Paycheck to Paycheck
The Labor market finished 2019 with a solid showing. The economy added 145,000 jobs, making December the 111th straight month of job gains, the longest stretch in 80 years of data. For the full year, employers averaged 175,000 jobs per month, a downshift from the 2018 pace of 223,000, though these numbers will likely change after the BLS releases its annual adjustment to the numbers in February.
Adding to the positive news, the unemployment rate came in at 3.5 percent, matching the lowest reading since 1969 and the broader rate (U-6), which adds underemployed, those working part-time who would prefer full time, and folks who are marginally attached to the work force, fell to 6.7 percent, the lowest on record since 1994.
Average hourly earnings increased by 2.9 percent from a year ago, which may not seem all that great, but given that the overall inflation rate remains under 2 percent, the bump up is sufficient to stay ahead of rising prices. Perhaps the best news on wages is that lower earning and entry-level workers have been making steady progress over the past couple of years. That’s due in large part to municipal and state minimum wage initiatives, which have pushed the effective average minimum wage to nearly $12 per hour, well ahead of the federal rate of $7.25 per hour.

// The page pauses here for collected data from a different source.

(* For every open localic groupoid $G$ we have $\mathcal G(\mathcal O(G))\cong G$, and for every groupoid quantale $Q$ we have $\mathcal O(\mathcal G(Q))\cong Q$.
   Context: Groupoid quantales: for a locale $A$, an $A$-$A$-bimodule is a sup-lattice $M$ with actions $a\triangleright m$, $m\triangleleft a$ preserving joins in each variable, with $1_A\triangleright m=m$, $(a\wedge b)\triangleright m=a\triangleright(b\triangleright m)$, $m\triangleleft1_A=m$, $m\triangleleft(a\wedge b)=(m\triangleleft a)\triangleleft b$, $(a\triangleright m)\triangleleft b=a\triangleright(m\triangleleft b)$. An $A$-$A$-quantale is such a $Q$ with associative join-preserving multiplication and $(a\triangleright x)y=a\triangleright(xy)$, $(x\triangleleft a)y=x(a\triangleright y)$, $(xy)\triangleleft a=x(y\triangleleft a)$; involutive if there is a join-preserving $x\mapsto x^*$ with $x^{**}=x$, $(xy)^*=y^*x^*$, $(a\triangleright(x\triangleleft b))^*=b\triangleright(x^*\triangleleft a)$. A support is a join-preserving $\varsigma:Q\to A$ with $\varsigma(1_Q)=1_A$, $\varsigma(x)\triangleright y\le xx^*y$, $\varsigma(x)\triangleright x=x$; equivariant if $\varsigma(a\triangleright x)=a\wedge\varsigma(x)$. A based quantal frame is an involutive $A$-$A$-quantale that is a frame with $(a\triangleright x)\wedge y=a\triangleright(x\wedge y)$, $(x\triangleleft a)\wedge y=(x\wedge y)\triangleleft a$; reflexive: a frame homomorphism $\upsilon:Q\to A$ with $\upsilon(a\triangleright1_Q)=a=\upsilon(1_Q\triangleleft a)$. $Q\otimes_AQ$ is $Q\otimes Q$ modulo $x\otimes(a\triangleright y)=(x\triangleleft a)\otimes y$; multiplicative: the right adjoint of the induced $\mu_A:Q\otimes_AQ\to Q$ preserves joins. Unit laws: $\bigvee_{xy\le a}\upsilon(x)\triangleright y=a$; inverse law: $\upsilon(a)\triangleright1_Q=\bigvee_{xy^*\le a}x\wedge y$. A groupoid quantale is a multiplicative equivariantly supported reflexive based quantal frame satisfying both laws. $\mathcal G(Q)$ is the open localic groupoid with $\mathcal O(G_0)=A$, $\mathcal O(G_1)=Q$, $d^*(a)=a\triangleright1_Q$, $i^*(x)=x^*$, $r=d\circ i$, $u^*=\upsilon$, $\mathcal O(G_2)=Q\otimes_AQ$, $m^*(a)=\bigvee_{xy\le a}x\otimes y$. For an open localic groupoid $G$ (domain map $d$ open), $\mathcal O(G)$ is $\mathcal O(G_1)$ with multiplication $\mathcal O(G_1)\otimes\mathcal O(G_1)\to\mathcal O(G_2)\xrightarrow{m_!}\mathcal O(G_1)$, involution $i_!$, actions of $\mathcal O(G_0)$ given by $a\triangleright q=d^*(a)\wedge q$ and $q\triangleleft a=r^*(a)\wedge q$, support $d_!$, and $\upsilon=u^*$; it is a groupoid quantale. *)

(* Frames, locales (as frames, with maps
   given by their inverse-image frame homomorphisms), open localic groupoids,
   groupoid quantales, and the constructions O(-) and G(-). *)

Record Frame := {
  fcar :> Type;
  fle : fcar -> fcar -> Prop;
  fsup : (fcar -> Prop) -> fcar;
  fmeet : fcar -> fcar -> fcar;
  fle_refl : forall x, fle x x;
  fle_trans : forall x y z, fle x y -> fle y z -> fle x z;
  fle_antisym : forall x y, fle x y -> fle y x -> x = y;
  fsup_ub : forall (P : fcar -> Prop) x, P x -> fle x (fsup P);
  fsup_lub : forall (P : fcar -> Prop) y, (forall x, P x -> fle x y) -> fle (fsup P) y;
  fmeet_glb : forall x y z, fle z (fmeet x y) <-> (fle z x /\ fle z y);
  fdistr : forall x (P : fcar -> Prop),
      fmeet x (fsup P) = fsup (fun z => exists y, P y /\ z = fmeet x y)
}.
Arguments fle {f} _ _.
Arguments fsup {f} _.
Arguments fmeet {f} _ _.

Despite the labor market’s progress, it has been interesting to see a new Twitter hash tag game, called “with my next paycheck I will…” The posts are alternatively funny (“help a recently exiled Nigerian prince reclaim his throne”) and depressing (“still be broke”). The trend coincides with reports that an astounding 74 percent of Americans say that they are living paycheck to paycheck, according to a survey conducted by the American Payroll Association (APA).
Given the upbeat economic news, the big question is: why are so many workers feeling under pressure? The answer is complicated. While there have been wage gains, they are not spread out across every worker, just ask your friendly millennial or career switching Boomer about it.
Additionally, averages are just that, average. A recent Bankrate.com report found that half of American workers said they did not get a raise last year, and over a longer term, middle-income workers have been left in the dust. Government data show that over the past twenty years, median household income has barely budged, after accounting for inflation. Today the median stands at $63,179, a mere 3 percent increase from 1999’s level of $61,526. Add to those figures the weight of $1.6 trillion dollars worth of student loan debt as well as rising costs for housing in some areas, and you can see how monthly bills take a huge bite out of many workers’ take-home pay.
But what accounts for those upper class earners who also say that they are living “paycheck to paycheck”?
I hear from a lot of these folks, who consistently struggle to “make ends meet”. Not to discount how they feel, but after a few probing questions, I have found that many of these folks are counting cash flow items like home equity lines of credit that were used to renovate the kitchen, vacation funds, and kids’ activities/tutoring as part of their non-discretionary spending.
I know that these seem like “have-to” spends, yet clearly the monthly pressure felt when including those non-essential items is not equivalent to choosing between paying the mortgage or rent and paying the cable bill.
Regardless of whether you are really scraping by or feeling like you are, the advice is the same: comb over your cash flow to find areas to cut and then automatically redirect those funds to savings.